Stored items:
(* Let $\mathcal{T}$ be a stiffly-connected, edge-simple 3-dimensional truss with stiffness matrix $\mathbf{M}$, let $\mathbf{q}$ be a vector orthogonal to the null space of $\mathbf{M}$, let $s$ be an oriented triangle, and let $i,j$ be a pair of vertices within tetrahedron-distance $h$ of $s$. Then $(\bar{\mathbf{q}}^{\langle s\rangle})^\top\mathbf{M}\,\bar{\mathbf{q}}^{\langle s\rangle}\ge 2^{-\Theta(h)}\|\bar{\mathbf{q}}^{\langle s\rangle}_i-\bar{\mathbf{q}}^{\langle s\rangle}_j\|_2^2$.
   Context: A 3-dimensional truss has $n$ vertices at distinct points $\mathbf{p}_i\in\mathbb{R}^3$, a set of tetrahedra (four vertices each), edges all pairs of vertices sharing a tetrahedron, and positive stiffness coefficients $\gamma(e)$; its stiffness matrix is $\mathbf{M}=\sum_{e=(i,j)}\frac{\gamma(e)}{\|\mathbf{p}_i-\mathbf{p}_j\|_2}\mathbf{b}^{(e)}\mathbf{b}^{(e)\top}$ where $\mathbf{b}^{(e)}\in\mathbb{R}^{3n}$ has block $i$ equal to $(\mathbf{p}_i-\mathbf{p}_j)/\|\mathbf{p}_i-\mathbf{p}_j\|_2$, block $j$ its negative, zeros elsewhere. Edge-simple: tetrahedra form a simplicial complex, each has constant-bounded aspect ratio, and edge lengths and stiffness coefficients are bounded above and below by positive constants. Stiffly-connected: the graph on tetrahedra with adjacency = sharing a triangle face is connected, and for each vertex its restriction to the tetrahedra containing that vertex is connected. For $\mathbf{v}\in\mathbb{R}^{3n}$, $\mathbf{v}_i\in\mathbb{R}^3$ is its $i$-th block. Fix an index $c$ and define $\mathbf{p}^{\perp xy}_i=[-(\mathbf{p}_i-\mathbf{p}_c)_y,(\mathbf{p}_i-\mathbf{p}_c)_x,0]^\top$, $\mathbf{p}^{\perp xz}_i=[-(\mathbf{p}_i-\mathbf{p}_c)_z,0,(\mathbf{p}_i-\mathbf{p}_c)_x]^\top$, $\mathbf{p}^{\perp yz}_i=[0,-(\mathbf{p}_i-\mathbf{p}_c)_z,(\mathbf{p}_i-\mathbf{p}_c)_y]^\top$. For an oriented triangle $s=\langle s_1,s_2,s_3\rangle$ (ordered triple of vertices of a triangle face), the centering $\bar{\mathbf{q}}^{\langle s\rangle}$ of $\mathbf{q}$ is the vector $\mathbf{q}+\sum_{d_1d_2\in\{xy,xz,yz\}}c^{\langle s\rangle\perp d_1d_2}\mathbf{p}^{\perp d_1d_2}$ (real scalars $c$) such that the plane through $\bar{\mathbf{q}}^{\langle s\rangle}_{s_1},\bar{\mathbf{q}}^{\langle s\rangle}_{s_2},\bar{\mathbf{q}}^{\langle s\rangle}_{s_3}$ is parallel to the plane through $\mathbf{p}_{s_1},\mathbf{p}_{s_2},\mathbf{p}_{s_3}$ and $\bar{\mathbf{q}}^{\langle s\rangle}_{s_1}-\bar{\mathbf{q}}^{\langle s\rangle}_{s_2}$ is parallel to $\mathbf{p}_{s_1}-\mathbf{p}_{s_2}$. The tetrahedron-distance between objects $x$ and $y$ of the complex is the smallest $d$ for which there is a sequence of tetrahedra $t^{(0)},\dots,t^{(d)}$ with $x\subseteq t^{(0)}$, $y\subseteq t^{(d)}$, and consecutive tetrahedra sharing a triangle face. The constant in $\Theta(h)$ depends only on the constant bounds above. *)

From HB Require Import structures.
From mathcomp Require Import all_boot all_order all_algebra.
From mathcomp Require Import reals.
Set Implicit Arguments. Unset Strict Implicit. Unset Printing Implicit Defensive.
Import Order.TTheory GRing.Theory Num.Theory.
Local Open Scope ring_scope.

# Action item
Give back, unchanged, the line that holds "Set Implicit Arguments." along with all lines after it through the last line above.

# Expected answer
Set Implicit Arguments. Unset Strict Implicit. Unset Printing Implicit Defensive.
Import Order.TTheory GRing.Theory Num.Theory.
Local Open Scope ring_scope.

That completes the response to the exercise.